EXERCISE MATERIALS START

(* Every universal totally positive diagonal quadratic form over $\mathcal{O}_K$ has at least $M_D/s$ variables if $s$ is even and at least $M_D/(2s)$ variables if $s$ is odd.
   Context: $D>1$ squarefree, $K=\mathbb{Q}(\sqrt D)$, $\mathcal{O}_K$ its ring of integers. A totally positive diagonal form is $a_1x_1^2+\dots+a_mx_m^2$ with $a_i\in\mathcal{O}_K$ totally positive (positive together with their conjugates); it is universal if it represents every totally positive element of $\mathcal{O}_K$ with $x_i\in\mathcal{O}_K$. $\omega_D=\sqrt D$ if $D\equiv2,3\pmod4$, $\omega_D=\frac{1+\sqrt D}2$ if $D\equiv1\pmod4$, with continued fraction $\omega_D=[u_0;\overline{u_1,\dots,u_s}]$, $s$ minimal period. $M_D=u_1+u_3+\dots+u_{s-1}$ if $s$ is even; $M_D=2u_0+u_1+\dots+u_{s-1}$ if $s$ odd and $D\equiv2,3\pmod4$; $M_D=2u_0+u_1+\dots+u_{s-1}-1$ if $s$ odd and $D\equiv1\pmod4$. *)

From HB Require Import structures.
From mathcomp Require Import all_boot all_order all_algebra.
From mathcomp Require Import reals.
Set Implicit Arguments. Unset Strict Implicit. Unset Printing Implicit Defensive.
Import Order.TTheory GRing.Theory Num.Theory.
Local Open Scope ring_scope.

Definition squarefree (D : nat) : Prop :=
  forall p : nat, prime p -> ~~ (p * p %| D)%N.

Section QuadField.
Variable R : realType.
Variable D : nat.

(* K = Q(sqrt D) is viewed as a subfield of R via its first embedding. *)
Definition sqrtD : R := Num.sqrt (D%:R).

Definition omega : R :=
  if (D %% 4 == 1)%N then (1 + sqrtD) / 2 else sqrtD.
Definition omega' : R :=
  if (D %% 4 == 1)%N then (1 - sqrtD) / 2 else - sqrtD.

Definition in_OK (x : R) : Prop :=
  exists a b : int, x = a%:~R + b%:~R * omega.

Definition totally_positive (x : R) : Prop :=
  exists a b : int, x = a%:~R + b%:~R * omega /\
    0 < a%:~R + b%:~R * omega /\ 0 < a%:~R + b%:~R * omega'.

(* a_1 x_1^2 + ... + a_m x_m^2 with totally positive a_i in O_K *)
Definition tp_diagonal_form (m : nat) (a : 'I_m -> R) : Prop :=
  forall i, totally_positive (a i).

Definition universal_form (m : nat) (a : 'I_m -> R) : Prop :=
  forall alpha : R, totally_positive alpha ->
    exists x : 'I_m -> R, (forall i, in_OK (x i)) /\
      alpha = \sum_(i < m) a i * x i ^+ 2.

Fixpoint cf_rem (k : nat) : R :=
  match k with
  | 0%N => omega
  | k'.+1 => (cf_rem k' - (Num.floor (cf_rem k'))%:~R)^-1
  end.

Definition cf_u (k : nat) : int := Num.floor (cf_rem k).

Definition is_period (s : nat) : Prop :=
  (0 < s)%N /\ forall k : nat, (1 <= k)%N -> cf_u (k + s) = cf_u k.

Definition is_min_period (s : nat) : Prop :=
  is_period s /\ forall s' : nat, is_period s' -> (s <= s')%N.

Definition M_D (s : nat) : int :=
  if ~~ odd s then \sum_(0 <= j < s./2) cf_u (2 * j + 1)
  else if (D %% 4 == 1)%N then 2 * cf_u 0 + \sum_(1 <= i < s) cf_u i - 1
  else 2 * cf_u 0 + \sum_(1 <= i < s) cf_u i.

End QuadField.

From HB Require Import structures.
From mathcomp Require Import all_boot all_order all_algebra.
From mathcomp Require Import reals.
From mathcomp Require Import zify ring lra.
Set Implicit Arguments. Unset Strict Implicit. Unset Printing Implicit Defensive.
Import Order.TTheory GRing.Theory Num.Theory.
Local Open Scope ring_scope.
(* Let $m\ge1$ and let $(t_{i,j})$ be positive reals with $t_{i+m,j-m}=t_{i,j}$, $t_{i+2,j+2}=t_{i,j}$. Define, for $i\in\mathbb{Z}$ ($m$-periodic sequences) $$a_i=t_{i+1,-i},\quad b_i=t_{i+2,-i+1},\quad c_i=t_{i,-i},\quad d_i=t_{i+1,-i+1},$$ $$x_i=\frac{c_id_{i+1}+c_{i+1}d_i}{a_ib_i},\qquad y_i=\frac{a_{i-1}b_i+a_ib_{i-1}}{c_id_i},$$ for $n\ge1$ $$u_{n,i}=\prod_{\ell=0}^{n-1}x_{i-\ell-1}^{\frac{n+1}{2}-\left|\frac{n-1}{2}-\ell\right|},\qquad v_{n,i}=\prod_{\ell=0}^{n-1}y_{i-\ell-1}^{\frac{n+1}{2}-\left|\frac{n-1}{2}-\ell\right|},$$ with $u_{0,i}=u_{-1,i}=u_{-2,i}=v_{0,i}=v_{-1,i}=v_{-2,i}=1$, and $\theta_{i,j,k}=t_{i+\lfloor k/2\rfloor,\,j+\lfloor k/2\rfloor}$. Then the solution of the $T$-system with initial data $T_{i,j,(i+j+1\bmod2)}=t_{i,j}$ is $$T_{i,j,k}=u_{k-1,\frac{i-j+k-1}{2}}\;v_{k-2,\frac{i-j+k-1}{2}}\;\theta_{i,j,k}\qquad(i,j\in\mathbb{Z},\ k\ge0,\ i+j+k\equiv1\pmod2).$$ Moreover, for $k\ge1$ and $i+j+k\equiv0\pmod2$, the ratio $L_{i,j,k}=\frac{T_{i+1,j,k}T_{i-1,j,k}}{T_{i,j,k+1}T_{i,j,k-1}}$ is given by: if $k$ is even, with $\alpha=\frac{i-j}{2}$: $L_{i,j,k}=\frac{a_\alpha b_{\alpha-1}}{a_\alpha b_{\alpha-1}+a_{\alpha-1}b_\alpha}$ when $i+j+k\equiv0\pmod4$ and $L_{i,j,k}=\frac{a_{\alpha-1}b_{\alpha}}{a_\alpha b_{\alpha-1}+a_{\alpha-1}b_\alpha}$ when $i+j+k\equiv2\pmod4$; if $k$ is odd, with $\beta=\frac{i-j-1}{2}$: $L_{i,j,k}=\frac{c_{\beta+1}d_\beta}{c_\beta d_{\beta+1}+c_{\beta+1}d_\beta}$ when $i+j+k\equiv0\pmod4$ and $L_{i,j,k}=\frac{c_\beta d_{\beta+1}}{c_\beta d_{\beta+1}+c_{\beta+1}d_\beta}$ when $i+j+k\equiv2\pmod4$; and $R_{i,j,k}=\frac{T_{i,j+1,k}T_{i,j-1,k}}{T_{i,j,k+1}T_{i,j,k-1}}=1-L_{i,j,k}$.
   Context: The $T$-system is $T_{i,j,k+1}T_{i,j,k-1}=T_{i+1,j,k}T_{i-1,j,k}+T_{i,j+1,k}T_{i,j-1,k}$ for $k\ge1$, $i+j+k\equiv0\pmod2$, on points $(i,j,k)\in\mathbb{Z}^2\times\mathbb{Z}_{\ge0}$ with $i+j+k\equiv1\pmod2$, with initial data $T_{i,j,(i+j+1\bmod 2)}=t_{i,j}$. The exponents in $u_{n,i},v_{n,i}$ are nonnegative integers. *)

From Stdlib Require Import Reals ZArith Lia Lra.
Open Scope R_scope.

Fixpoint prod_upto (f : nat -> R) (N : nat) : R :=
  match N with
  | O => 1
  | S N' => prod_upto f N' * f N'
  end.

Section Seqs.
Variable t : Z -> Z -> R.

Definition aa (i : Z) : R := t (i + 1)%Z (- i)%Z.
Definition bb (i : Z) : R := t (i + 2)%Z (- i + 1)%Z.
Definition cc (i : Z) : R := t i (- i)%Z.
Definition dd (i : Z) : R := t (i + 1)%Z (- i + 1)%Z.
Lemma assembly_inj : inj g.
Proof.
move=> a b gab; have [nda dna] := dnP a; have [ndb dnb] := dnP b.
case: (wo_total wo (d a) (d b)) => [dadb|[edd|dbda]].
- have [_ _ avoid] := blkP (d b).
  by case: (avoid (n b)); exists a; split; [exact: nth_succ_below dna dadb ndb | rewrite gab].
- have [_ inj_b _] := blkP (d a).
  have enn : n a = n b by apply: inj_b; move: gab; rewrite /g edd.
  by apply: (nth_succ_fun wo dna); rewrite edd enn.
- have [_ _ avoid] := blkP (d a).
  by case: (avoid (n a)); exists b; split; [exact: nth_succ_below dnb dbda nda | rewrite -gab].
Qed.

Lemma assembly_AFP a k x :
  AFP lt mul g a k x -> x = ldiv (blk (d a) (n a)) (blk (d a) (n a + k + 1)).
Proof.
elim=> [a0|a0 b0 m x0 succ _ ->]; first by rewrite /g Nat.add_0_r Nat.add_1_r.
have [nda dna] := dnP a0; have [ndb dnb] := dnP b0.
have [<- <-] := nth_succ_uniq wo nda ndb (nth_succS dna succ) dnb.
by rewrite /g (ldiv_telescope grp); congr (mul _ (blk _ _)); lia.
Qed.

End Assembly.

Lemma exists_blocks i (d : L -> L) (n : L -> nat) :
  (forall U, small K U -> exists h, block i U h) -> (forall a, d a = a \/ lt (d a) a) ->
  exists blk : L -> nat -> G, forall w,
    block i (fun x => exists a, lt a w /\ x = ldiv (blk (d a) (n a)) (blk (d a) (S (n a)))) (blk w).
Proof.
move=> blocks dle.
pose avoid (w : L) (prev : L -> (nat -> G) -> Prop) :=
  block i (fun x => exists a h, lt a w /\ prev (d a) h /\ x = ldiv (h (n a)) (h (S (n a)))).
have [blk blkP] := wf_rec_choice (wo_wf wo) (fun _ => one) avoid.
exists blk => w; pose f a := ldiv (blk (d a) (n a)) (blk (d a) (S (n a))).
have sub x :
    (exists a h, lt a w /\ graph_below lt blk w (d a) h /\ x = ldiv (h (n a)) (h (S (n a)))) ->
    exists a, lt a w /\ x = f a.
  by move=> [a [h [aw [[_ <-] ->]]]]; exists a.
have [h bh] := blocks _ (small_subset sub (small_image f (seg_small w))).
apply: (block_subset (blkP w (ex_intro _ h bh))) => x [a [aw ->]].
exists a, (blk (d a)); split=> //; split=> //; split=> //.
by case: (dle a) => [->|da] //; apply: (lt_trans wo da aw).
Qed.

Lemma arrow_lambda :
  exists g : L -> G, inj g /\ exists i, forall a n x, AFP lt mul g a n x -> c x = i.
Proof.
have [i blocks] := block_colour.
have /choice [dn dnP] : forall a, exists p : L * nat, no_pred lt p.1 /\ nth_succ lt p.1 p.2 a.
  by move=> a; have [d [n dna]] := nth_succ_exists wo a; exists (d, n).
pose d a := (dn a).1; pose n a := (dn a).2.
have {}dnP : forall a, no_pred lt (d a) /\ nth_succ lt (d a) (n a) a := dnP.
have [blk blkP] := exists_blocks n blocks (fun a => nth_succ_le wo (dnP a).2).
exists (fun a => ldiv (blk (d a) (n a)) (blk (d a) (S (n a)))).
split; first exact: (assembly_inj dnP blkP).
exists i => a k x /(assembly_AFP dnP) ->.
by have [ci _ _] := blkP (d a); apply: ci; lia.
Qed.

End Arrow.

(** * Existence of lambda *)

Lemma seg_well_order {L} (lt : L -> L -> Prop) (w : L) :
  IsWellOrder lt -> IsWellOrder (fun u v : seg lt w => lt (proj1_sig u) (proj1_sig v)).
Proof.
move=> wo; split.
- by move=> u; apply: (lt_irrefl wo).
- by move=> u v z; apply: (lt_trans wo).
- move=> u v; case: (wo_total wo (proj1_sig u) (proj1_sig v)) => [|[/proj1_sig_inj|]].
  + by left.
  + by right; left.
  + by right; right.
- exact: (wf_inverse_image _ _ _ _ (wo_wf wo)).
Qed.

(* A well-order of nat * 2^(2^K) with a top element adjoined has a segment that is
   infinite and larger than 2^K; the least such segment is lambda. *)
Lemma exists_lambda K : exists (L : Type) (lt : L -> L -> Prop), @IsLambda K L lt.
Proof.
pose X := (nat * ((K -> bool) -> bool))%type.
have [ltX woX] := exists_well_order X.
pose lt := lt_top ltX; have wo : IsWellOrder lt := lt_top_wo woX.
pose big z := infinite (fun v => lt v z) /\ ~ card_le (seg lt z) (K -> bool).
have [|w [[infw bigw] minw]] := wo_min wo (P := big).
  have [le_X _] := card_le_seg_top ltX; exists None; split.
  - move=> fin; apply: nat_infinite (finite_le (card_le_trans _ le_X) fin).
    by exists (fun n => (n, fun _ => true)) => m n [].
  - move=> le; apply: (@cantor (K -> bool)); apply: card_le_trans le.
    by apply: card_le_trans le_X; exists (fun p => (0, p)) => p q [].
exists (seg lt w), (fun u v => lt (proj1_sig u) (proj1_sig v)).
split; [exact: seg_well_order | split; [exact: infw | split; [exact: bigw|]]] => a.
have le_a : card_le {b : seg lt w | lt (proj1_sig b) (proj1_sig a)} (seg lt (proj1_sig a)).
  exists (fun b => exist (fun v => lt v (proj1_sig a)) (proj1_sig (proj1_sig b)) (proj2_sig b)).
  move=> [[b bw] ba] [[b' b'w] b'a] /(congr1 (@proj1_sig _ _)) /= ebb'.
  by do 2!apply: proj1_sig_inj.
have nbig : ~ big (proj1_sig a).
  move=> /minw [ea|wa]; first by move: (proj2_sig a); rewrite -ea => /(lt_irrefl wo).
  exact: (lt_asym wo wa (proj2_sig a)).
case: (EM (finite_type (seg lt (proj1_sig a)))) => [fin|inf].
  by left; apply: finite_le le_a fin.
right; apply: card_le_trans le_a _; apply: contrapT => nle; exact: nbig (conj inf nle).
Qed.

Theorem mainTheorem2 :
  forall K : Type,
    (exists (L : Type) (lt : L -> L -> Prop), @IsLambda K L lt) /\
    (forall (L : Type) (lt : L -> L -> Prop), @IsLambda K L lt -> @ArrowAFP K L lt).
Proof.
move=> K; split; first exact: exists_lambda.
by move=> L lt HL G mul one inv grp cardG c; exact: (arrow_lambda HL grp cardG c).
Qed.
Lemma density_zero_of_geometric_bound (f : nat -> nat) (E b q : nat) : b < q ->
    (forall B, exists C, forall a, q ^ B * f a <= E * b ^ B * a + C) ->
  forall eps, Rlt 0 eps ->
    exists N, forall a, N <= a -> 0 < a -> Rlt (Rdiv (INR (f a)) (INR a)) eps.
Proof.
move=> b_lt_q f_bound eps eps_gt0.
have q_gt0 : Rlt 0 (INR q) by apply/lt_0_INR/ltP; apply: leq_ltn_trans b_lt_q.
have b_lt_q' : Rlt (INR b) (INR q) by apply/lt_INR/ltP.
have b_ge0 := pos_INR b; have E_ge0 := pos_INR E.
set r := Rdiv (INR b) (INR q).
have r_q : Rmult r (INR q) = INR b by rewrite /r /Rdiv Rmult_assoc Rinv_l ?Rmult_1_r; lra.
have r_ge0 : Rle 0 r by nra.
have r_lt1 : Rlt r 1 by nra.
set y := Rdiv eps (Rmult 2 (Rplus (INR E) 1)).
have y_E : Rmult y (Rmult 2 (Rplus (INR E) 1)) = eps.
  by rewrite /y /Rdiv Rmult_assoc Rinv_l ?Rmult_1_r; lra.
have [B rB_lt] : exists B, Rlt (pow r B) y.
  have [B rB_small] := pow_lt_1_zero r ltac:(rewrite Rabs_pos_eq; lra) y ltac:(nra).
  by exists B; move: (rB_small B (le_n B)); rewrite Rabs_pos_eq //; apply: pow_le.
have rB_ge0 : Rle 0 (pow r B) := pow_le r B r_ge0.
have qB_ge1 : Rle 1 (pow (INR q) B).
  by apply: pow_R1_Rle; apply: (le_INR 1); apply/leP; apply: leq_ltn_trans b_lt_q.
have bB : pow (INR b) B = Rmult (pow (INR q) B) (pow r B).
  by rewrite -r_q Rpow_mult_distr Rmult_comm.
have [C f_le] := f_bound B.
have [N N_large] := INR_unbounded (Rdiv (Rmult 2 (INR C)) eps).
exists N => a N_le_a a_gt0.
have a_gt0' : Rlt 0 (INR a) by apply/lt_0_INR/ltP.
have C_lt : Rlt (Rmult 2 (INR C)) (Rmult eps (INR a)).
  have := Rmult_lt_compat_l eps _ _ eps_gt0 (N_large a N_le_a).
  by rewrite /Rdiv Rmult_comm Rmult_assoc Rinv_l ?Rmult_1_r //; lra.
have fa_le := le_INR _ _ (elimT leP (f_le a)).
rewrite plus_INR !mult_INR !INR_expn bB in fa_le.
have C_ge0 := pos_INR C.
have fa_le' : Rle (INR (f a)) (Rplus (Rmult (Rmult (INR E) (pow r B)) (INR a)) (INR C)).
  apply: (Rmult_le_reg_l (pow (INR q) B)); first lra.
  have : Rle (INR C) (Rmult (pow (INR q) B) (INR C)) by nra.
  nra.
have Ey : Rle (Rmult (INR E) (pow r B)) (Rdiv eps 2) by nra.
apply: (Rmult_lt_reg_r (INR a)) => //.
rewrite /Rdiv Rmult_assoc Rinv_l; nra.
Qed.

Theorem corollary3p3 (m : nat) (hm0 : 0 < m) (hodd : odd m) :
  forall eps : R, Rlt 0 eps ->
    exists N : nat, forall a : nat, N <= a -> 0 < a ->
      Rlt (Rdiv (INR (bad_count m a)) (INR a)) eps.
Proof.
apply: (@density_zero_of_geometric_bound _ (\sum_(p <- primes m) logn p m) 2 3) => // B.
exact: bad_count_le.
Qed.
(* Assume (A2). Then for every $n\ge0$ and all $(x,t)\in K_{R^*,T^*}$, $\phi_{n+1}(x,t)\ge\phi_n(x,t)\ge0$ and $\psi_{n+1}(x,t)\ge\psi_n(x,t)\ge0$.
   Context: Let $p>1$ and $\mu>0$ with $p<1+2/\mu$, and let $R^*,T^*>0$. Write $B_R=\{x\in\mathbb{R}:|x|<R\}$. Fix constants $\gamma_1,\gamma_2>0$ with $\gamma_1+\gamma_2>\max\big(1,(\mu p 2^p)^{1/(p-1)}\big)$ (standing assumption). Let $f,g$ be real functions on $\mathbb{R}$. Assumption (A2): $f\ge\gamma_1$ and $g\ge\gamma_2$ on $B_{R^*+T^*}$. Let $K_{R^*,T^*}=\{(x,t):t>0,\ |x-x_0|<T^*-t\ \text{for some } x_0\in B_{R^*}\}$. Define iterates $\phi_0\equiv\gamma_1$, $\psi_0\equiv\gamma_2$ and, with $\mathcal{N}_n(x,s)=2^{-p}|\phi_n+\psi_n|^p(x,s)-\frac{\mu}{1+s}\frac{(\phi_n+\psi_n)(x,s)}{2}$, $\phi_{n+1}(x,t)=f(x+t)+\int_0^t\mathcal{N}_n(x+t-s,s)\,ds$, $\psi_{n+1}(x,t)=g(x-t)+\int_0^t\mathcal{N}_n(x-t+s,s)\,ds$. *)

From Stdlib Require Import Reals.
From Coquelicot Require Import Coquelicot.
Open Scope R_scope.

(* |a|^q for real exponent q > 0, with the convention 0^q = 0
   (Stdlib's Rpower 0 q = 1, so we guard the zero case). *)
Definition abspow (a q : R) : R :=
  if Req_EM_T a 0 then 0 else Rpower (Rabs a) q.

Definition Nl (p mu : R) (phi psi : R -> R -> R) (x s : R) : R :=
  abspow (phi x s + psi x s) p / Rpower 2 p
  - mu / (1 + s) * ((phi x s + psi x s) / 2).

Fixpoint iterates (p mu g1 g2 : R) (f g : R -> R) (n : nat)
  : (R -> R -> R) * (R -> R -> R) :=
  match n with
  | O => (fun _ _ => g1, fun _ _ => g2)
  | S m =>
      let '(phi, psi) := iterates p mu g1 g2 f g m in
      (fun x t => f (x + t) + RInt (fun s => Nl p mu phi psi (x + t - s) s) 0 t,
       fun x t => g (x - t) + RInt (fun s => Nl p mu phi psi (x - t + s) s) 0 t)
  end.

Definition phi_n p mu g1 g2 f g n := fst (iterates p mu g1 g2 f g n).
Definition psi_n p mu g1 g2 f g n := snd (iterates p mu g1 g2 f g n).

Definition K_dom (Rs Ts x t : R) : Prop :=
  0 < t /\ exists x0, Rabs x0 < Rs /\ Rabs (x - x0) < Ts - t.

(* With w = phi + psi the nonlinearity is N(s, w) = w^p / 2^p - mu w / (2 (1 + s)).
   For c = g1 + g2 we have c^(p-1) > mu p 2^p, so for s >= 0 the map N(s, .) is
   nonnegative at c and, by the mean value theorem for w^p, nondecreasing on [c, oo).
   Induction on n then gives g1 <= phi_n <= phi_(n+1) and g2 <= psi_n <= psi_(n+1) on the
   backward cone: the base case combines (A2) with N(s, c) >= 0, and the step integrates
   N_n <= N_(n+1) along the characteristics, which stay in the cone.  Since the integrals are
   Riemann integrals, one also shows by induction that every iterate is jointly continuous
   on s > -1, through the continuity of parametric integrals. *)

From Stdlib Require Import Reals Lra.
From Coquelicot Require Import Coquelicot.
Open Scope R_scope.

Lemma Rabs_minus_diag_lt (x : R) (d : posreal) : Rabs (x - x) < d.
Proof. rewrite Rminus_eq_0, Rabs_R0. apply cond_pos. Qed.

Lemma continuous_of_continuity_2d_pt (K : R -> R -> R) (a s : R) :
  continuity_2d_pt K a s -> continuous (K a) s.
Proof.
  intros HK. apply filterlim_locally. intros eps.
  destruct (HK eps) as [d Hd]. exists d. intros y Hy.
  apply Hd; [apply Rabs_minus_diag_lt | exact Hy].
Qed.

EXERCISE MATERIALS END

TASK GOAL: Set the lines down exactly, from the first line of the records to the line where "b%:~R * omega." appears, with both ends kept.

WRITTEN RESPONSE:
(* Every universal totally positive diagonal quadratic form over $\mathcal{O}_K$ has at least $M_D/s$ variables if $s$ is even and at least $M_D/(2s)$ variables if $s$ is odd.
   Context: $D>1$ squarefree, $K=\mathbb{Q}(\sqrt D)$, $\mathcal{O}_K$ its ring of integers. A totally positive diagonal form is $a_1x_1^2+\dots+a_mx_m^2$ with $a_i\in\mathcal{O}_K$ totally positive (positive together with their conjugates); it is universal if it represents every totally positive element of $\mathcal{O}_K$ with $x_i\in\mathcal{O}_K$. $\omega_D=\sqrt D$ if $D\equiv2,3\pmod4$, $\omega_D=\frac{1+\sqrt D}2$ if $D\equiv1\pmod4$, with continued fraction $\omega_D=[u_0;\overline{u_1,\dots,u_s}]$, $s$ minimal period. $M_D=u_1+u_3+\dots+u_{s-1}$ if $s$ is even; $M_D=2u_0+u_1+\dots+u_{s-1}$ if $s$ odd and $D\equiv2,3\pmod4$; $M_D=2u_0+u_1+\dots+u_{s-1}-1$ if $s$ odd and $D\equiv1\pmod4$. *)

From HB Require Import structures.
From mathcomp Require Import all_boot all_order all_algebra.
From mathcomp Require Import reals.
Set Implicit Arguments. Unset Strict Implicit. Unset Printing Implicit Defensive.
Import Order.TTheory GRing.Theory Num.Theory.
Local Open Scope ring_scope.

Definition squarefree (D : nat) : Prop :=
  forall p : nat, prime p -> ~~ (p * p %| D)%N.

Section QuadField.
Variable R : realType.
Variable D : nat.

(* K = Q(sqrt D) is viewed as a subfield of R via its first embedding. *)
Definition sqrtD : R := Num.sqrt (D%:R).

Definition omega : R :=
  if (D %% 4 == 1)%N then (1 + sqrtD) / 2 else sqrtD.
Definition omega' : R :=
  if (D %% 4 == 1)%N then (1 - sqrtD) / 2 else - sqrtD.

Definition in_OK (x : R) : Prop :=
  exists a b : int, x = a%:~R + b%:~R * omega.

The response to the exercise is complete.